• _Work to complete_
From the entries below, please output exactly the lines starting at the one containing "Definition actA (u" and ending at the one containing "(* For the quotient, let", both included.

Dataset entries
━━━━
(* Let $E$ be a theme and let $F\subset E$ be a monogenic sub-$\tilde{\mathcal A}$-module of $E$. Then $F$ is a theme. Moreover, if $F$ is normal in $E$, then the quotient $E/F$ is also a theme.
   Context: $\tilde{\mathcal A}$ denotes the $\mathbb C$-algebra of formal series $\sum_{\nu\ge0}P_\nu(a)b^\nu$ with $P_\nu\in\mathbb C[z]$, whose product is determined by the commutation relation $ab-ba=b^2$ and by the continuity of left and right multiplication by $a$ for the $b$-adic topology; it contains $\mathbb C[[b]]$. An (a,b)-module is a left $\tilde{\mathcal A}$-module which is free of finite rank over $\mathbb C[[b]]$; its rank is its $\mathbb C[[b]]$-rank. A module is monogenic if it is generated as a left $\tilde{\mathcal A}$-module by one element. A sub-(a,b)-module $F\subset E$ is normal if $F\cap bE=bF$ (equivalently $E/F$ is again an (a,b)-module). For a rational $\lambda\in\,]0,1]$ let $\Xi_\lambda=\bigoplus_{j\ge0}\mathbb C[[b]]e_{\lambda,j}$ (finite sums; think of $e_{\lambda,j}=s^{\lambda-1}(\log s)^j/j!$, with $a$ = multiplication by $s$ and $b$ = primitive vanishing at $0$), where $a$ is defined by $ae_{\lambda,0}=\lambda be_{\lambda,0}$, $ae_{\lambda,j}=\lambda be_{\lambda,j}+be_{\lambda,j-1}$ for $j\ge1$, extended via $aS(b)=S(b)a+b^2S'(b)$ for $S\in\mathbb C[[b]]$. Put $\Xi=\bigoplus_{\lambda\in\mathbb Q\cap]0,1]}\Xi_\lambda$, a left $\tilde{\mathcal A}$-module. A theme is a left $\tilde{\mathcal A}$-module isomorphic to $\tilde{\mathcal A}\varphi\subset\Xi$ for some $\varphi\in\Xi$. *)

From HB Require Import structures.
From mathcomp Require Import all_boot all_order all_algebra.
From mathcomp Require Import complex.
From mathcomp Require Import Rstruct.
From Stdlib Require Import Reals.
Set Implicit Arguments. Unset Strict Implicit. Unset Printing Implicit Defensive.
Import Order.TTheory GRing.Theory Num.Theory.
Local Open Scope ring_scope.

Definition CC : Type := (Rdefinitions.R)[i].

(* An element is recorded by its coefficients:
   x lam j n = coefficient of b^n in the C[[b]]-coordinate of x on
   e_{lam,j}.  Membership in Xi (= finite sums, lam in Q cap ]0,1]) is
   the predicate [inXi]. *)
Definition Xi : Type := rat -> nat -> nat -> CC.

Definition Xi0 : Xi := fun _ _ _ => 0.
Definition Xiadd (x y : Xi) : Xi := fun l j n => x l j n + y l j n.
Definition Xiscale (c : CC) (x : Xi) : Xi := fun l j n => c * x l j n.

Definition inXi (x : Xi) : Prop :=
  (forall (l : rat) (j n : nat), ~ (0 < l /\ l <= 1) -> x l j n = 0) /\
  exists s : seq (rat * nat),
    forall (l : rat) (j n : nat), (l, j) \notin s -> x l j n = 0.

(* b : multiplication of the C[[b]]-coordinates by b. *)
Definition opb (x : Xi) : Xi :=
  fun l j n => if n is m.+1 then x l j m else 0.

(* a : a(S e_{l,j}) = S (l b e_{l,j} + b e_{l,j-1}) + b^2 S' e_{l,j}
   (with e_{l,-1} = 0), so the coordinate on e_{l,j} of a x is
   l b x_{l,j} + b^2 x_{l,j}' + b x_{l,j+1}. *)
Definition opa (x : Xi) : Xi :=
  fun l j n => if n is m.+1
               then (ratr l + m%:R) * x l j m + x l j.+1 m
               else 0.

Definition polyA (p : {poly CC}) (x : Xi) : Xi :=
  fun l j n => \sum_(k < size p) p`_k * iter k opa x l j n.

(* The algebra A~ : formal series sum_nu P_nu(a) b^nu, P_nu in C[z]. *)
Definition Atilde : Type := nat -> {poly CC}.

(* Action of u = sum_nu P_nu(a) b^nu on Xi.  Both a and b raise the
   b-adic order by 1, so only nu <= n contributes to the coefficient
   of b^n: this is the b-adic limit of the partial sums. *)
Definition actA (u : Atilde) (x : Xi) : Xi :=
  fun l j n => \sum_(nu < n.+1) polyA (u nu) (iter nu opb x) l j n.

Definition subXi := Xi -> Prop.

Definition genA (phi : Xi) : subXi := fun x => exists u : Atilde, x = actA u phi.

Definition sub_incl (F E : subXi) : Prop := forall x, F x -> E x.

Definition is_submoduleA (F : subXi) : Prop :=
  F Xi0 /\ (forall x y, F x -> F y -> F (Xiadd x y)) /\
  (forall u x, F x -> F (actA u x)).

Definition monogenic (F : subXi) : Prop :=
  exists psi, F psi /\ forall x, F x <-> genA psi x.

Definition Alinear_on (S : subXi) (f : Xi -> Xi) : Prop :=
  (forall x y, S x -> S y -> f (Xiadd x y) = Xiadd (f x) (f y)) /\
  (forall u x, S x -> f (actA u x) = actA u (f x)).

Definition Aiso (S T : subXi) (f : Xi -> Xi) : Prop :=
  (forall x, S x -> T (f x)) /\
  (forall y, T y -> exists x, S x /\ f x = y) /\
  (forall x y, S x -> S y -> f x = f y -> x = y) /\
  Alinear_on S f.

Definition is_theme (S : subXi) : Prop :=
  exists phi, inXi phi /\ exists f, Aiso S (genA phi) f.

Definition normal_in (F E : subXi) : Prop :=
  forall x, (F x /\ exists y, E y /\ x = opb y) <-> exists y, F y /\ x = opb y.

(* E/F is a theme: there is theta in Xi and a surjective A~-linear map
   E -> A~ theta with kernel F (i.e. E/F is isomorphic to A~ theta). *)
Definition quotient_is_theme (E F : subXi) : Prop :=
  exists theta, inXi theta /\ exists pi : Xi -> Xi,
    (forall x, E x -> genA theta (pi x)) /\
    (forall y, genA theta y -> exists x, E x /\ pi x = y) /\
    (forall x, E x -> (pi x = Xi0 <-> F x)) /\
    Alinear_on E pi.

(* For the quotient, let
   [k l] be the number of logarithmic levels of [psi] at the exponent [l].  The
   shift [e_{l,j} |-> e_{l,j-k(l)}] commutes with [a] and [b], so it maps
   [A~ phi] A~-linearly onto the theme [A~ (shift k phi)]; its kernel consists
   of the elements of [A~ phi] supported in the box [j < k l].  Operators
   [a - (l0 + v) b] lower the top level of [psi] at one exponent [l0] while
   keeping the others, because distinct exponents in ]0,1] are incongruent
   modulo the integers; this produces enough elements of [F] to contain every
   box-supported element of large b-order, i.e. [b^M] times the kernel lies in
   [F].  Normality [F cap bE = bF], and stability of [A~ phi] under [b], then
   remove the factor [b^M]. *)

From mathcomp Require Import all_boot all_order all_algebra complex Rstruct.
From mathcomp Require Import ring lra zify.
From Stdlib Require Import FunctionalExtensionality Classical IndefiniteDescription.
Set Implicit Arguments. Unset Strict Implicit. Unset Printing Implicit Defensive.
Import Order.TTheory GRing.Theory Num.Theory.
Local Open Scope ring_scope.

Lemma Xi_ext (x y : Xi) : (forall l j n, x l j n = y l j n) -> x = y.
Proof.
move=> E; do 3 apply: functional_extensionality => ?; exact: E.
Qed.

Definition b_order_ge (m : nat) (w : Xi) := forall l j n, (n < m)%N -> w l j n = 0.

Lemma iter_opbE k x l j n :
  iter k opb x l j n = if (k <= n)%N then x l j (n - k)%N else 0.
Proof.
elim: k n => [|k IH] [|n] //=; rewrite ?subn0 // /opb IH.
Qed.

Lemma b_order_ge_iter_opb k w : b_order_ge k (iter k opb w).
Proof. by move=> l j n Hn; rewrite iter_opbE leqNgt Hn. Qed.

Lemma b_order_ge_opa m w : b_order_ge m w -> b_order_ge m.+1 (opa w).
Proof. by move=> H l j [|n] //= Hn; rewrite /opa !H // mulr0 add0r. Qed.

Lemma b_order_ge_iter_opa k m w : b_order_ge m w -> b_order_ge (m + k) (iter k opa w).
Proof.
move=> H; elim: k => [|k IH]; first by rewrite addn0.
by rewrite addnS /=; apply: b_order_ge_opa.
Qed.

Lemma b_order_ge_polyA p m w : b_order_ge m w -> b_order_ge m (polyA p w).
Proof.
move=> H l j n Hn; rewrite /polyA big1 // => k _.
by rewrite (@b_order_ge_iter_opa k m w H) ?mulr0 // ltn_addr.
Qed.

(* [a^k] raises the b-order by [k], so only [k <= n] contributes to [b^n]. *)
Lemma polyA_trunc p z l j n :
  polyA p z l j n = \sum_(k < n.+1) p`_k * iter k opa z l j n.
Proof.
pose t k := p`_k * iter k opa z l j n; pose N := maxn (size p) n.+1.
rewrite /polyA (big_ord_widen N t (leq_maxl _ _)).
rewrite [RHS](big_ord_widen N t (leq_maxr _ _)) big_mkcond [RHS]big_mkcond /=.
apply: eq_bigr => i _; rewrite /t; case: ifP; case: ifP => // Hn Hp.
- by rewrite (@b_order_ge_iter_opa i 0 z) ?mulr0 // ltnNge -ltnS Hn.
- by rewrite nth_default ?mul0r // leqNgt Hp.
Qed.

Lemma polyA0 z l j n : polyA 0 z l j n = 0.
Proof. by rewrite /polyA size_poly0 big_ord0. Qed.

Lemma polyAC c z l j n : polyA c%:P z l j n = c * z l j n.
Proof.
rewrite /polyA size_polyC; case: eqP => [->|_]; first by rewrite big_ord0 mul0r.
by rewrite big_ord1 coefC.
Qed.

Lemma polyAX z l j n : polyA 'X z l j n = opa z l j n.
Proof.
by rewrite /polyA size_polyX !big_ord_recl big_ord0 !coefX mul0r mul1r add0r addr0.
Qed.

Lemma polyAD p q z l j n :
  polyA (p + q) z l j n = polyA p z l j n + polyA q z l j n.
Proof.
rewrite !polyA_trunc -big_split; apply: eq_bigr => i _; by rewrite coefD mulrDl.
Qed.

Lemma polyAZ c p z l j n : polyA (c *: p) z l j n = c * polyA p z l j n.
Proof.
rewrite !polyA_trunc mulr_sumr; apply: eq_bigr => i _; by rewrite coefZ mulrA.
Qed.

Lemma polyAMn p k z l j n : polyA (p *+ k) z l j n = k%:R * polyA p z l j n.
Proof. by rewrite -scaler_nat polyAZ. Qed.

Lemma polyA_sum K (P : nat -> {poly CC}) z l j n :
  polyA (\sum_(i < K) P i) z l j n = \sum_(i < K) polyA (P i) z l j n.
Proof.
elim: K => [|K IH]; first by rewrite !big_ord0 polyA0.
by rewrite !big_ord_recr /= polyAD IH.
Qed.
━━━━
• _Solution_
Definition actA (u : Atilde) (x : Xi) : Xi :=
  fun l j n => \sum_(nu < n.+1) polyA (u nu) (iter nu opb x) l j n.

Definition subXi := Xi -> Prop.

Definition genA (phi : Xi) : subXi := fun x => exists u : Atilde, x = actA u phi.

Definition sub_incl (F E : subXi) : Prop := forall x, F x -> E x.

Definition is_submoduleA (F : subXi) : Prop :=
  F Xi0 /\ (forall x y, F x -> F y -> F (Xiadd x y)) /\
  (forall u x, F x -> F (actA u x)).

Definition monogenic (F : subXi) : Prop :=
  exists psi, F psi /\ forall x, F x <-> genA psi x.

Definition Alinear_on (S : subXi) (f : Xi -> Xi) : Prop :=
  (forall x y, S x -> S y -> f (Xiadd x y) = Xiadd (f x) (f y)) /\
  (forall u x, S x -> f (actA u x) = actA u (f x)).

Definition Aiso (S T : subXi) (f : Xi -> Xi) : Prop :=
  (forall x, S x -> T (f x)) /\
  (forall y, T y -> exists x, S x /\ f x = y) /\
  (forall x y, S x -> S y -> f x = f y -> x = y) /\
  Alinear_on S f.

Definition is_theme (S : subXi) : Prop :=
  exists phi, inXi phi /\ exists f, Aiso S (genA phi) f.

Definition normal_in (F E : subXi) : Prop :=
  forall x, (F x /\ exists y, E y /\ x = opb y) <-> exists y, F y /\ x = opb y.

(* E/F is a theme: there is theta in Xi and a surjective A~-linear map
   E -> A~ theta with kernel F (i.e. E/F is isomorphic to A~ theta). *)
Definition quotient_is_theme (E F : subXi) : Prop :=
  exists theta, inXi theta /\ exists pi : Xi -> Xi,
    (forall x, E x -> genA theta (pi x)) /\
    (forall y, genA theta y -> exists x, E x /\ pi x = y) /\
    (forall x, E x -> (pi x = Xi0 <-> F x)) /\
    Alinear_on E pi.

(* For the quotient, let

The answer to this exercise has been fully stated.